Series 550 freezes laptop

Me too, after every tests with 550.67 I come back to 545.29. Is stable for me.

I can confirm that I also experience random hard freezes/lockups with the 550 driver, at one point I thought my laptop has issues.
Laptop is a lenovo 5 15arh7h with an rtx 3060.

2 Likes

I had problems with 550 on my Lenov until I turned on hybrid mode and switched to nvidia prime in nvidia-settings instead

As a followup to my previous reply, i reinstalled my distro and have been using pretty much ever since a 2/3weeks or so.
Had 2 freezes, or more so black screen issues, but i am going to tick these out as a more random and ‘could be something else’ problem.

But today my PC had a complete kernel panic for some reason rendering the laptop to not even force reboot and only being able to force shutdown with the power button.

Aditional info,
-Using the nvidia-inst script;
-Using Supergfxctl;
-RTD3 works, but sometimes i also leave gpu on for external display;
-nvidia-suspend and so on services, except powerd are all disabled.

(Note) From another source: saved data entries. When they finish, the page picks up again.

Lemma rsum_zero N f : (forall x, (x < N)%nat -> f x = 0) -> rsum N f = 0.
Proof. induction N; intro h; simpl; [reflexivity|rewrite IHN, h; auto; ring]. Qed.

Lemma rsum_kron_l N x F : (x < N)%nat -> rsum N (fun p => kron p x * F p) = F x.
Proof.
induction N; intros h; [lia|simpl].
destruct (Nat.eq_dec x N) as [->|ne].
- rewrite rsum_zero; [rewrite kron_refl; ring|].
  intros y hy; rewrite kron_neq; [ring|lia].
- rewrite IHN by lia; rewrite kron_neq by lia; ring.
Qed.

Lemma rsum_kron_r N x F : (x < N)%nat -> rsum N (fun p => kron x p * F p) = F x.
Proof.
intro h; rewrite <- (rsum_kron_l N x F h); apply rsum_ext; intros; rewrite kron_sym; auto.
Qed.

Lemma rsum_kron2 N x y F G : (x < N)%nat -> (y < N)%nat ->
  rsum N (fun p => kron p x * F p + kron p y * G p) = F x + G y.
Proof. intros; rewrite rsum_plus, !rsum_kron_l; auto. Qed.

Lemma rsum_swap N M f :
  rsum N (fun a => rsum M (fun b => f a b)) = rsum M (fun b => rsum N (fun a => f a b)).
Proof.
induction N; simpl.
- symmetry; apply rsum_zero; auto.
- rewrite IHN, <- rsum_plus; auto.
Qed.

Lemma rsum_sqr_ge0 N f : 0 <= rsum N (fun p => f p * f p).
Proof. induction N; simpl; [lra|]. pose proof (Rle_0_sqr (f N)); unfold Rsqr in *; lra. Qed.

Lemma derivable_pt_lim_rsum_affine N a b c x :
  derivable_pt_lim (fun t => rsum N (fun l => (a l + t * b l) * c l)) x
    (rsum N (fun l => b l * c l)).
Proof.
set (c0 := rsum N (fun l => a l * c l)); set (c1 := rsum N (fun l => b l * c l)).
apply (derivable_pt_lim_ext (fun t => c0 + c1 * t)).
- intro t; unfold c0, c1; rewrite Rmult_comm, <- rsum_scal, <- rsum_plus; apply rsum_ext; intros; ring.
- pose proof (derivable_pt_lim_plus (fun _ => c0) (mult_real_fct c1 id) x 0 (c1 * 1)
    (derivable_pt_lim_const c0 x) (derivable_pt_lim_scal id c1 x 1 (derivable_pt_lim_id x)))
    as H.
  rewrite Rplus_0_l, Rmult_1_r in H; exact H.
Qed.

Lemma det_S N A :
  det (S N) A = rsum (S N) (fun j => (-1) ^ j * A 0%nat j * det N (minor A 0 j)).
Proof. reflexivity. Qed.

(* [det] and [minv] agree with MathComp's [\det] and [\adj], whose theory supplies
   the identity adj(A) A = det(A) I. *)
Module AdjugateCramer.
Import HB.structures all_boot all_algebra Rstruct GRing.Theory.
Local Open Scope ring_scope.

Definition mx_of N (A : mat) : 'M[R]_N := \matrix_(i < N, j < N) A i j.

Lemma rsum_big N (f : nat -> R) : rsum N f = \sum_(i < N) f i.
Proof.
elim: N => [|N IH]; first by rewrite big_ord0.
by rewrite big_ord_recr /= IH.
Qed.

Lemma powE (x : R) (k : nat) : pow x k = x ^+ k.
Proof. by elim: k => [|k IH] //=; rewrite exprS IH. Qed.

Lemma skip_bump i r : skip i r = bump i r.
Proof.
rewrite /skip /bump; case: ltnP => h /=.
  by move/ltP/Nat.ltb_lt: h => ->.
by move/leP/Nat.ltb_ge: h => ->.
Qed.

Lemma minor_mx_of N (A : mat) (i j : 'I_N.+1) :
  mx_of N (minor A i j) = row' i (col' j (mx_of N.+1 A)).
Proof. by apply/matrixP => r c; rewrite !mxE /minor !skip_bump. Qed.

Lemma det_mx_of N (A : mat) : det N A = \det (mx_of N A).
Proof.
elim: N A => [|N IH] A; first by rewrite det_mx00.
rewrite det_S rsum_big (expand_det_row _ ord0); apply: eq_bigr => j _.
rewrite IH /cofactor mxE add0n powE (minor_mx_of _ _ ord0).
by rewrite !RmultE [_ * A _ _]mulrC -mulrA.
Qed.

Lemma minv_mul_cancel N (A : mat) (u : vec) k : (k < N)%coq_nat -> det N A <> 0 ->
  rsum N (fun l => minv N A k l * rsum N (fun p => A l p * u p)) = u k.
Proof.
case: N => [|N] /ltP hk hd; first by [].
set M := mx_of N.+1 A; set uv := \col_(p < N.+1) u p.
have Au (l : 'I_N.+1) : rsum N.+1 (fun p => A l p * u p) = (M *m uv) l ord0.
  by rewrite rsum_big mxE; apply: eq_bigr => p _; rewrite !mxE.
have minvE (l : 'I_N.+1) :
    minv N.+1 A k l = ((\det M)^-1 *: \adj M) (Ordinal hk) l.
  rewrite !mxE /minv; change (Init.Nat.pred N.+1) with N.
  rewrite !det_mx_of -/M (minor_mx_of _ _ l (Ordinal hk)).
  by rewrite /cofactor powE addnC RmultE RdivE mulrC.
rewrite rsum_big.
transitivity ((((\det M)^-1 *: \adj M) *m (M *m uv)) (Ordinal hk) ord0).
  by rewrite mxE; apply: eq_bigr => l _; rewrite Au minvE.
rewrite mulmxA -scalemxAl mul_adj_mx scale_scalar_mx mul_scalar_mx mulVf.
  by rewrite scale1r mxE.
by rewrite -det_mx_of; apply/eqP.
Qed.

Lemma kronE (x y : nat) : kron x y = (x == y)%:R.
Proof.
rewrite /kron; case: (Nat.eqb_spec x y) => [->|ne]; first by rewrite eqxx.
by have /eqP/negbTE -> : x <> y by [].
Qed.

Lemma det_neq0_of_rinv N (A B : mat) :
  (forall a b, (a < N)%coq_nat -> (b < N)%coq_nat ->
     rsum N (fun p => A a p * B p b) = kron a b) ->
  det N A <> 0.
Proof.
move=> hAB; rewrite det_mx_of => h0.
have e : mx_of N A *m mx_of N B = 1%:M.
  apply/matrixP => a b; rewrite !mxE -val_eqE /= -kronE.
  rewrite -(hAB a b (ltP (ltn_ord a)) (ltP (ltn_ord b))) rsum_big.
  by apply: eq_bigr => p _; rewrite !mxE.
have := det_mulmx (mx_of N A) (mx_of N B); rewrite e det1 h0 mul0r => /eqP.
by rewrite oner_eq0.
Qed.
End AdjugateCramer.

Lemma mmul_assoc N A B C r c : mmul N A (mmul N B C) r c = mmul N (mmul N A B) C r c.
Proof.
unfold mmul.
rewrite (rsum_ext N _ (fun l => rsum N (fun p => A r l * (B l p * C p c))))
  by (intros; rewrite rsum_scal; auto).
rewrite rsum_swap; apply rsum_ext; intros p _.
rewrite Rmult_comm, <- rsum_scal; apply rsum_ext; intros; ring.
Qed.
(* The extended-real counterpart of [iint], integrating over the whole line:
   nonnegativity makes Tonelli available for reordering the coordinates. *)
Fixpoint eiint (g : n.-tuple R -> R) (js : seq 'I_n) (s : n.-tuple R) : \bar R :=
  match js with
  | [::] => (g s)%:E
  | j :: js' => (\int[L]_t ((w t)%:E * eiint g js' (upd s j t)))%E
  end.

Lemma eiint_cst1 js s : eiint (fun _ => 1) js s = 1%E.
Proof.
elim: js s => [//|j js IH] s /=.
by rewrite -w1; apply: eq_integral => t _; rewrite IH mule1.
Qed.

Lemma eiint_dep (g : n.-tuple R -> R) js s s' :
  (forall k, k \notin js -> tnth s k = tnth s' k) -> eiint g js s = eiint g js s'.
Proof.
elim: js s s' => [|j js IH] s s' ss' /=.
  by congr (_%:E); congr g; apply: eq_from_tnth => k; exact: ss'.
apply: eq_integral => t _; congr (_ * _)%E; apply: IH => k kjs.
rewrite !tnth_upd; case: eqVneq => // kj; apply: ss'.
by rewrite inE negb_or kj.
Qed.

Lemma eq_eiint_slice (g h : n.-tuple R -> R) (i : 'I_n) (c : R) js s :
  (forall s, tnth s i = c -> g s = h s) -> i \notin js -> tnth s i = c ->
  eiint g js s = eiint h js s.
Proof.
move=> gh; elim: js s => [|j js IH] s /=; first by move=> _ /gh ->.
rewrite inE negb_or => /andP[ij ijs] sc.
apply: eq_integral => t _; congr (_ * _)%E; apply: IH => //.
by rewrite tnth_upd (negbTE ij).
Qed.

Section Mechanism.
Variables (g : n.-tuple R -> R) (mg : mechanism g).

Lemma eiint_mechanism js :
  measurable_fun [set: n.-tuple R] (eiint g js) /\ forall s, (0 <= eiint g js s <= 1)%E.
Proof.
case: mg => mg01 g01; elim: js => [|j js [IHm IHb]] /=.
  by split=> [|s]; [exact/measurable_EFinP | rewrite !lee_fin].
have mF : measurable_fun setT
    (fun p : n.-tuple R * R => ((w p.2)%:E * eiint g js (upd p.1 j p.2))%E).
  apply: emeasurable_funM.
    by apply/measurable_EFinP; exact: measurableT_comp mw measurable_snd.
  exact: measurableT_comp IHm (measurable_upd_pair j).
have F0 p : (0 <= (w p.2)%:E * eiint g js (upd p.1 j p.2))%E.
  by apply: mule_ge0; [rewrite lee_fin | case/andP: (IHb (upd p.1 j p.2))].
split; first exact: (measurable_fun_fubini_tonelli_F (m2 := L) _ mF F0).
move=> s; rewrite integral_ge0 //=; last by move=> t _; exact: (F0 (s, t)).
rewrite -w1; apply: ge0_le_integral => //.
- by move=> t _; exact: (F0 (s, t)).
- exact: measurableT_comp mF (pair1_measurable s).
- exact/measurable_EFinP.
- move=> t _; case/andP: (IHb (upd s j t)) => _ le1.
  by rewrite -[leRHS]mule1 lee_wpmul2l ?lee_fin.
Qed.

Lemma measurable_eiint js : measurable_fun [set: n.-tuple R] (eiint g js).
Proof. by case: (eiint_mechanism js). Qed.

Lemma eiint_ge0 js s : (0 <= eiint g js s)%E.
Proof. by case: (eiint_mechanism js) => _ /(_ s) /andP[]. Qed.

Lemma eiint_le1 js s : (eiint g js s <= 1)%E.
Proof. by case: (eiint_mechanism js) => _ /(_ s) /andP[]. Qed.

Lemma measurable_eiint_upd js s j : measurable_fun setT (fun t => eiint g js (upd s j t)).
Proof. exact: measurableT_comp (measurable_eiint js) (measurable_upd s j). Qed.

Lemma eiint_swap j k js s : j != k ->
  eiint g [:: j, k & js] s = eiint g [:: k, j & js] s.
Proof.
move=> jk /=.
pose H := fun p : R * R =>
  ((w p.1)%:E * ((w p.2)%:E * eiint g js (upd (upd s j p.1) k p.2)))%E.
have mH : measurable_fun setT H.
  have mu : measurable_fun setT (fun p : R * R => upd (upd s j p.1) k p.2).
    apply: (measurableT_comp (measurable_upd_pair k)
      (g := fun p : R * R => (upd s j p.1, p.2))).
    exact: measurable_fun_pair (measurableT_comp (measurable_upd s j) _) _.
  apply: emeasurable_funM.
    by apply/measurable_EFinP; exact: measurableT_comp mw measurable_fst.
  apply: emeasurable_funM.
    by apply/measurable_EFinP; exact: measurableT_comp mw measurable_snd.
  exact: measurableT_comp (measurable_eiint js) mu.
have H0 p : (0 <= H p)%E.
  by rewrite !mule_ge0 ?lee_fin ?eiint_ge0.
have wZ (t : R) (h : R -> \bar R) : measurable_fun setT h -> (forall u, 0 <= h u)%E ->
    ((w t)%:E * \int[L]_u h u = \int[L]_u ((w t)%:E * h u))%E.
  by move=> mh h0; rewrite ge0_integralZl ?lee_fin.
transitivity (\int[L]_t \int[L]_u H (t, u))%E.
  apply: eq_integral => t _; rewrite wZ //.
    by apply: emeasurable_funM; [exact/measurable_EFinP | exact: measurable_eiint_upd].
  by move=> u; rewrite mule_ge0 ?lee_fin ?eiint_ge0.
rewrite (@fubini_tonelli _ _ _ _ _ L L H mH H0); apply: eq_integral => u _; rewrite wZ //.
- by apply: eq_integral => t _; rewrite /H /= updC // muleCA.
- by apply: emeasurable_funM; [exact/measurable_EFinP | exact: measurable_eiint_upd].
- by move=> t; rewrite mule_ge0 ?lee_fin ?eiint_ge0.
Qed.

Lemma eiint_cat_cons i js1 js2 s : i \notin js1 ->
  eiint g (js1 ++ i :: js2) s = eiint g (i :: js1 ++ js2) s.
Proof.
elim: js1 s => [//|j js1 IH] s /=; rewrite inE negb_or => /andP[ij ijs].
transitivity (eiint g [:: j, i & js1 ++ js2] s).
  by apply: eq_integral => t _; rewrite IH.
by rewrite eiint_swap // eq_sym.
Qed.

Lemma eiint_enum i s : eiint g (enum 'I_n) s = eiint g (i :: others i) s.
Proof.
rewrite /others; have := enum_uniq 'I_n.
have /splitPr[p1 p2] : i \in enum 'I_n by rewrite mem_enum.
rewrite cat_uniq /= negb_or => /and4P[_ /andP[ip1 _] ip2 _].
rewrite eiint_cat_cons // filter_cat /= eqxx /=.
by rewrite !(all_filterP _) ?all_predC ?has_pred1.
Qed.

End Mechanism.
End IteratedIntegral.

Record density (R : realType) (lo hi : R) (w : R -> R) : Prop := Density {
  density_measurable : measurable_fun setT w;
  density_ge0 : forall t, 0 <= w t;
  density_integral : (\int[L]_t (w t)%:E = 1)%E;
  density_support : forall t, ~ (lo <= t <= hi) -> w t = 0 }.

Lemma signal_structure_density (R : realType) (lo hi : R) gp gm :
  signal_structure lo hi gp gm -> density lo hi gp /\ density lo hi gm.
Proof.
case=> _ [mgp mgm [gp0 gm0] gp1 gm1] _ [_ [fout _]] _.
have out t : ~ (lo <= t <= hi) -> gp t = 0 /\ gm t = 0.
  by move=> /fout; rewrite /dens_f => f0; have := gp0 t; have := gm0 t; lra.
by split; split=> // t /out[].
Qed.

Lemma signal_structure_gp_gt0 (R : realType) (lo hi : R) gp gm t :
  signal_structure lo hi gp gm -> lo < t < hi -> 0 < gp t.
Proof.
case=> -[lo0 _] _ _ [fpos [_ norm]] _ tin.
have /andP[lot thi] := tin; have := fpos t tin; rewrite /dens_f => f0.
by rewrite norm ?ltW // mulr_gt0 //; lra.
Qed.

Lemma fin_num_itv01 (R : realType) (e : \bar R) : (0 <= e <= 1)%E -> e \is a fin_num.
Proof. by case/andP => e0 e1; rewrite ge0_fin_numE // (le_lt_trans e1 (ltry 1)). Qed.

Section ConditionalAllocation.
Variables (R : realType) (n : nat) (lo hi : R) (w : R -> R).
Hypothesis hw : density lo hi w.
Let mw := density_measurable hw.
Let w0 := density_ge0 hw.
Let w1 := density_integral hw.

Lemma density_integral_itv01 (f : R -> R) : measurable_fun setT f ->
  (forall t, 0 <= f t <= 1) -> (0 <= \int[L]_t (w t * f t)%:E <= 1)%E.
Proof.
move=> mf f01; have wf0 t : 0 <= w t * f t by rewrite mulr_ge0 //; case/andP: (f01 t).
rewrite integral_ge0 => [|t _]; last by rewrite lee_fin.
rewrite -w1; apply: ge0_le_integral => //.
- by move=> t _; rewrite lee_fin.
- exact/measurable_EFinP/measurable_funM.
- exact/measurable_EFinP.
- by move=> t _; rewrite lee_fin ler_piMr //; case/andP: (f01 t).
Qed.

Variables (i : 'I_n) (g : n.-tuple R -> R).
Hypothesis mg : mechanism g.

Lemma iint_eiint js s : iint lo hi w g js s = fine (eiint w g js s).
Proof.
elim: js s => [//|j js IH] s /=.
rewrite /Rintegral integral_mkcond; congr fine; apply: eq_integral => t _.
rewrite /patch; case: ifPn => [_|tin].
  by rewrite IH EFinM fineK // fin_num_itv01 // eiint_ge0 ?eiint_le1.
rewrite (density_support hw) ?mul0e // => /andP ht; move/negP: tin; apply.
by rewrite inE /= in_itv /=; apply/andP.
Qed.

Lemma condE_eiint t : (condE lo hi w g i t)%:E = eiint w g (others i) [tuple t | _ < n].
Proof.
by rewrite /condE iint_eiint fineK // fin_num_itv01 // eiint_ge0 ?eiint_le1.
Qed.

Lemma condE_itv01 t : 0 <= condE lo hi w g i t <= 1.
Proof. by rewrite -!lee_fin condE_eiint eiint_ge0 ?eiint_le1. Qed.

Lemma measurable_condE : measurable_fun setT (condE lo hi w g i).
Proof.
apply/measurable_EFinP.
rewrite (_ : EFin \o _ = fun t => eiint w g (others i) [tuple t | _ < n]).
  exact: measurableT_comp (measurable_eiint mw w0 w1 mg _) (@measurable_diag_tuple R n).
by apply: funext => t /=; rewrite condE_eiint.
Qed.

Unfornatly i don’t know how to trace the kernel panic issue, but i will leave a photo and the bug report showing what is about, and seems also similiar to the ones some others had here.

nvidia-bug-report.log.gz (1.5 MB)

I was able to pin point the reason for my crashes and turns out it was a bug in AMD driver for the iGPU(which even when turned off does something in the background).
Since my Lenovo Legion 5 is a hybrid setup(iGPU + eGPU) it always goes through the internal AMD 680m which has some freezing documented well here:
https://wiki.archlinux.org/title/AMDGPU#Freezes_with_“[drm]_IP_block:gmc_v8_0_is_hung!”_kernel_error

https://bbs.archlinux.org/viewtopic.php?id=288083

Now I am not sure if this would help out any of you guys, but setting both of these:
amdgpu.vm_update_mode=3 amdgpu.dcsebugmask=0x4
in the kernel(whether systemd or grub) it has worked like a charm for 2 days without a single freeze.
I haven’t noticed any kernel panics as well, that is with 550.67

1 Like

Problems seems to happen on Arch based systems. I tested on Fedora Bazzite with 550.67 and kernel 6.8. No issues. On same Legion 7 slim Amd laptop freezes with CachyOs (also using 6.8). It would be interesting to test on OpenSuse Tumbleweed or Solus.
I have cpu Amd 7840hs with igpu Amd 780m and dgpu Nvidia rtx4060. Hybrid mode. Both systemd-boot and grub installs are affected. If I uninstall Nvidia drivers, the system is very stable, no issues at all. I also tried using the new NVK (Nvidia Vulkan driver, open source) as Cachy has a recent Mesa 24 version.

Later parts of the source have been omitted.